▸ TASK PROMPT
Read the data and repeat it in full, exactly.

[Stored data]
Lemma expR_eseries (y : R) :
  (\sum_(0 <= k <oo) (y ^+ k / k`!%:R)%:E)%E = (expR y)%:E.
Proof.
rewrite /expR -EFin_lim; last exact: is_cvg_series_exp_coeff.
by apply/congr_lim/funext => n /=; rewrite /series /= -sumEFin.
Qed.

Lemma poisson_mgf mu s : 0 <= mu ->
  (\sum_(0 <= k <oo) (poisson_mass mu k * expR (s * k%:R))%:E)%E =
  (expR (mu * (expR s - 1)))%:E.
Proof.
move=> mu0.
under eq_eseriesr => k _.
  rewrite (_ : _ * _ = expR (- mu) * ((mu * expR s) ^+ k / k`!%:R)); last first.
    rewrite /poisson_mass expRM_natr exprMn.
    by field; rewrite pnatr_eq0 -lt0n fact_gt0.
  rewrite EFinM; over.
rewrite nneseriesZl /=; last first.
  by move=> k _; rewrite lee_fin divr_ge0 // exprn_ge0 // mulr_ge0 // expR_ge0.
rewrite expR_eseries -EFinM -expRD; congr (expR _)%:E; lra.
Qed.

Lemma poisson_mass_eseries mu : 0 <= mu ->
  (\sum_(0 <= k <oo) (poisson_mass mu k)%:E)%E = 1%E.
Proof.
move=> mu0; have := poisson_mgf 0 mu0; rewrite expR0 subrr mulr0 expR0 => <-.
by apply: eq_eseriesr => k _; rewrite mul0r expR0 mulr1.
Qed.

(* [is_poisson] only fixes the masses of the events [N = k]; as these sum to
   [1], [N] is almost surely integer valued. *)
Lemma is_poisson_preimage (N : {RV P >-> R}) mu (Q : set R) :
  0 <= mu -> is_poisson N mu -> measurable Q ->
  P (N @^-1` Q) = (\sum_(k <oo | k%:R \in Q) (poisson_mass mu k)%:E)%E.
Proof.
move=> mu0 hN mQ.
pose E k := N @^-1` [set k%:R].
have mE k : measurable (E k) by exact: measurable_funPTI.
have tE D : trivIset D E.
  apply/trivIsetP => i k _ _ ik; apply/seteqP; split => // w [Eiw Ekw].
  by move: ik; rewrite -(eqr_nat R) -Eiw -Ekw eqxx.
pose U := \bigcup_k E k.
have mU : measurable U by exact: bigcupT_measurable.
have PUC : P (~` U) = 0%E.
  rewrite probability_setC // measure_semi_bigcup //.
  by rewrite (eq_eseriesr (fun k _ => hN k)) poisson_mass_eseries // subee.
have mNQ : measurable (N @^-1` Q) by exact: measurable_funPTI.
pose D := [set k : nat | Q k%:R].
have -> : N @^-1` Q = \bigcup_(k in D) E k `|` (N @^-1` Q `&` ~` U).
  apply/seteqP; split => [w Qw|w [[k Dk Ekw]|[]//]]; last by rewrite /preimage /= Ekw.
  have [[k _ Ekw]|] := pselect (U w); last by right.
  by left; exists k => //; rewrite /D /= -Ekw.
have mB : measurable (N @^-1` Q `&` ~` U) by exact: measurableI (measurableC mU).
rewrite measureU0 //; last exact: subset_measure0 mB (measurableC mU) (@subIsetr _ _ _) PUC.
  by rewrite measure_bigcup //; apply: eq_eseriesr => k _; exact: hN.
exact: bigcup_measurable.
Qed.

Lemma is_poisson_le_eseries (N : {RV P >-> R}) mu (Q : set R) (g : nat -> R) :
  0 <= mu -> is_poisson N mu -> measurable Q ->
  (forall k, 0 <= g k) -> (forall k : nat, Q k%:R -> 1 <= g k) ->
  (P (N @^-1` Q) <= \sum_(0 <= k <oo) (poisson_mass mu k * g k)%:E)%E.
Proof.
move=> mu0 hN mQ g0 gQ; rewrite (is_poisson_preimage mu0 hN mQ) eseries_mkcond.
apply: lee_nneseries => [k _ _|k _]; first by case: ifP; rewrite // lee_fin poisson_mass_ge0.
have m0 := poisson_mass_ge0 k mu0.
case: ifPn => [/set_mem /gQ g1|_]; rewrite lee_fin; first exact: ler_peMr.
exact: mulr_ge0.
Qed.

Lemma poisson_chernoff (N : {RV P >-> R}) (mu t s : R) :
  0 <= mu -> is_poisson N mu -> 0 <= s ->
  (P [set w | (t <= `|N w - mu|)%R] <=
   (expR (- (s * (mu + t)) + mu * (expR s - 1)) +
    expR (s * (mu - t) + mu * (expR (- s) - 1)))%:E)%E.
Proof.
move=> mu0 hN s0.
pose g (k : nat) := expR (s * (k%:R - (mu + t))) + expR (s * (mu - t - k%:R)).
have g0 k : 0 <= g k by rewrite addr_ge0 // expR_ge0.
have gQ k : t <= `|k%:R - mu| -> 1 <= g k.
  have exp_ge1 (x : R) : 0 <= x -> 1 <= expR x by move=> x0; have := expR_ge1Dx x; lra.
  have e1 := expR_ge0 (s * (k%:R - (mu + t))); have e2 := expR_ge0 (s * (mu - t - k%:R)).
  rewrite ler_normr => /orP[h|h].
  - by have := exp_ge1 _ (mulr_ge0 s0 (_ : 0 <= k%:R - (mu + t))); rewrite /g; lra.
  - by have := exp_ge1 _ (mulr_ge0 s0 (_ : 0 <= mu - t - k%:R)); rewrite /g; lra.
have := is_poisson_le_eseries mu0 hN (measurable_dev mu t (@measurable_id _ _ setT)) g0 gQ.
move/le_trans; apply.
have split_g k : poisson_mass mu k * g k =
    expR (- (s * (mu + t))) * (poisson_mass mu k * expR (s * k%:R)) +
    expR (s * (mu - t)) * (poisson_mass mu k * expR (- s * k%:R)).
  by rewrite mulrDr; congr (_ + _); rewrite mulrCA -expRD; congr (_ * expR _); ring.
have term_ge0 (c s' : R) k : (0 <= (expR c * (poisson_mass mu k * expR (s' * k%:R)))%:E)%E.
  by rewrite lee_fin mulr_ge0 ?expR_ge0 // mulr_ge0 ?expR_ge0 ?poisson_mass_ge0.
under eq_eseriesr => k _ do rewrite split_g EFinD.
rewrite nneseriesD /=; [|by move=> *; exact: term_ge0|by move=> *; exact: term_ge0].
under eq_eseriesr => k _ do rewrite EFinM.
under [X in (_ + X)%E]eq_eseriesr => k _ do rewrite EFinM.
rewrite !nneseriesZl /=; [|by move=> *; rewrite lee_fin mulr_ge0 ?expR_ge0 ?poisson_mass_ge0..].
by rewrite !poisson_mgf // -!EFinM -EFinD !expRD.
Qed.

▸ RESPONSE TO THE TASK
Lemma expR_eseries (y : R) :
  (\sum_(0 <= k <oo) (y ^+ k / k`!%:R)%:E)%E = (expR y)%:E.
Proof.
rewrite /expR -EFin_lim; last exact: is_cvg_series_exp_coeff.
by apply/congr_lim/funext => n /=; rewrite /series /= -sumEFin.
Qed.

Lemma poisson_mgf mu s : 0 <= mu ->
  (\sum_(0 <= k <oo) (poisson_mass mu k * expR (s * k%:R))%:E)%E =
  (expR (mu * (expR s - 1)))%:E.
Proof.
move=> mu0.
under eq_eseriesr => k _.
  rewrite (_ : _ * _ = expR (- mu) * ((mu * expR s) ^+ k / k`!%:R)); last first.
    rewrite /poisson_mass expRM_natr exprMn.
    by field; rewrite pnatr_eq0 -lt0n fact_gt0.
  rewrite EFinM; over.
rewrite nneseriesZl /=; last first.
  by move=> k _; rewrite lee_fin divr_ge0 // exprn_ge0 // mulr_ge0 // expR_ge0.
rewrite expR_eseries -EFinM -expRD; congr (expR _)%:E; lra.
Qed.

Lemma poisson_mass_eseries mu : 0 <= mu ->
  (\sum_(0 <= k <oo) (poisson_mass mu k)%:E)%E = 1%E.
Proof.
move=> mu0; have := poisson_mgf 0 mu0; rewrite expR0 subrr mulr0 expR0 => <-.
by apply: eq_eseriesr => k _; rewrite mul0r expR0 mulr1.
Qed.

(* [is_poisson] only fixes the masses of the events [N = k]; as these sum to
   [1], [N] is almost surely integer valued. *)
Lemma is_poisson_preimage (N : {RV P >-> R}) mu (Q : set R) :
  0 <= mu -> is_poisson N mu -> measurable Q ->
  P (N @^-1` Q) = (\sum_(k <oo | k%:R \in Q) (poisson_mass mu k)%:E)%E.
Proof.
move=> mu0 hN mQ.
pose E k := N @^-1` [set k%:R].
have mE k : measurable (E k) by exact: measurable_funPTI.
have tE D : trivIset D E.
  apply/trivIsetP => i k _ _ ik; apply/seteqP; split => // w [Eiw Ekw].
  by move: ik; rewrite -(eqr_nat R) -Eiw -Ekw eqxx.
pose U := \bigcup_k E k.
have mU : measurable U by exact: bigcupT_measurable.
have PUC : P (~` U) = 0%E.
  rewrite probability_setC // measure_semi_bigcup //.
  by rewrite (eq_eseriesr (fun k _ => hN k)) poisson_mass_eseries // subee.
have mNQ : measurable (N @^-1` Q) by exact: measurable_funPTI.
pose D := [set k : nat | Q k%:R].
have -> : N @^-1` Q = \bigcup_(k in D) E k `|` (N @^-1` Q `&` ~` U).
  apply/seteqP; split => [w Qw|w [[k Dk Ekw]|[]//]]; last by rewrite /preimage /= Ekw.
  have [[k _ Ekw]|] := pselect (U w); last by right.
  by left; exists k => //; rewrite /D /= -Ekw.
have mB : measurable (N @^-1` Q `&` ~` U) by exact: measurableI (measurableC mU).
rewrite measureU0 //; last exact: subset_measure0 mB (measurableC mU) (@subIsetr _ _ _) PUC.
  by rewrite measure_bigcup //; apply: eq_eseriesr => k _; exact: hN.
exact: bigcup_measurable.
Qed.

Lemma is_poisson_le_eseries (N : {RV P >-> R}) mu (Q : set R) (g : nat -> R) :
  0 <= mu -> is_poisson N mu -> measurable Q ->
  (forall k, 0 <= g k) -> (forall k : nat, Q k%:R -> 1 <= g k) ->
  (P (N @^-1` Q) <= \sum_(0 <= k <oo) (poisson_mass mu k * g k)%:E)%E.
Proof.
move=> mu0 hN mQ g0 gQ; rewrite (is_poisson_preimage mu0 hN mQ) eseries_mkcond.
apply: lee_nneseries => [k _ _|k _]; first by case: ifP; rewrite // lee_fin poisson_mass_ge0.
have m0 := poisson_mass_ge0 k mu0.
case: ifPn => [/set_mem /gQ g1|_]; rewrite lee_fin; first exact: ler_peMr.
exact: mulr_ge0.
Qed.

Lemma poisson_chernoff (N : {RV P >-> R}) (mu t s : R) :
  0 <= mu -> is_poisson N mu -> 0 <= s ->
  (P [set w | (t <= `|N w - mu|)%R] <=
   (expR (- (s * (mu + t)) + mu * (expR s - 1)) +
    expR (s * (mu - t) + mu * (expR (- s) - 1)))%:E)%E.
Proof.
move=> mu0 hN s0.
pose g (k : nat) := expR (s * (k%:R - (mu + t))) + expR (s * (mu - t - k%:R)).
have g0 k : 0 <= g k by rewrite addr_ge0 // expR_ge0.
have gQ k : t <= `|k%:R - mu| -> 1 <= g k.
  have exp_ge1 (x : R) : 0 <= x -> 1 <= expR x by move=> x0; have := expR_ge1Dx x; lra.
  have e1 := expR_ge0 (s * (k%:R - (mu + t))); have e2 := expR_ge0 (s * (mu - t - k%:R)).
  rewrite ler_normr => /orP[h|h].
  - by have := exp_ge1 _ (mulr_ge0 s0 (_ : 0 <= k%:R - (mu + t))); rewrite /g; lra.
  - by have := exp_ge1 _ (mulr_ge0 s0 (_ : 0 <= mu - t - k%:R)); rewrite /g; lra.
have := is_poisson_le_eseries mu0 hN (measurable_dev mu t (@measurable_id _ _ setT)) g0 gQ.
move/le_trans; apply.
have split_g k : poisson_mass mu k * g k =
    expR (- (s * (mu + t))) * (poisson_mass mu k * expR (s * k%:R)) +
    expR (s * (mu - t)) * (poisson_mass mu k * expR (- s * k%:R)).
  by rewrite mulrDr; congr (_ + _); rewrite mulrCA -expRD; congr (_ * expR _); ring.
have term_ge0 (c s' : R) k : (0 <= (expR c * (poisson_mass mu k * expR (s' * k%:R)))%:E)%E.
  by rewrite lee_fin mulr_ge0 ?expR_ge0 // mulr_ge0 ?expR_ge0 ?poisson_mass_ge0.
under eq_eseriesr => k _ do rewrite split_g EFinD.
rewrite nneseriesD /=; [|by move=> *; exact: term_ge0|by move=> *; exact: term_ge0].
under eq_eseriesr => k _ do rewrite EFinM.
under [X in (_ + X)%E]eq_eseriesr => k _ do rewrite EFinM.
rewrite !nneseriesZl /=; [|by move=> *; rewrite lee_fin mulr_ge0 ?expR_ge0 ?poisson_mass_ge0..].
by rewrite !poisson_mgf // -!EFinM -EFinD !expRD.
Qed.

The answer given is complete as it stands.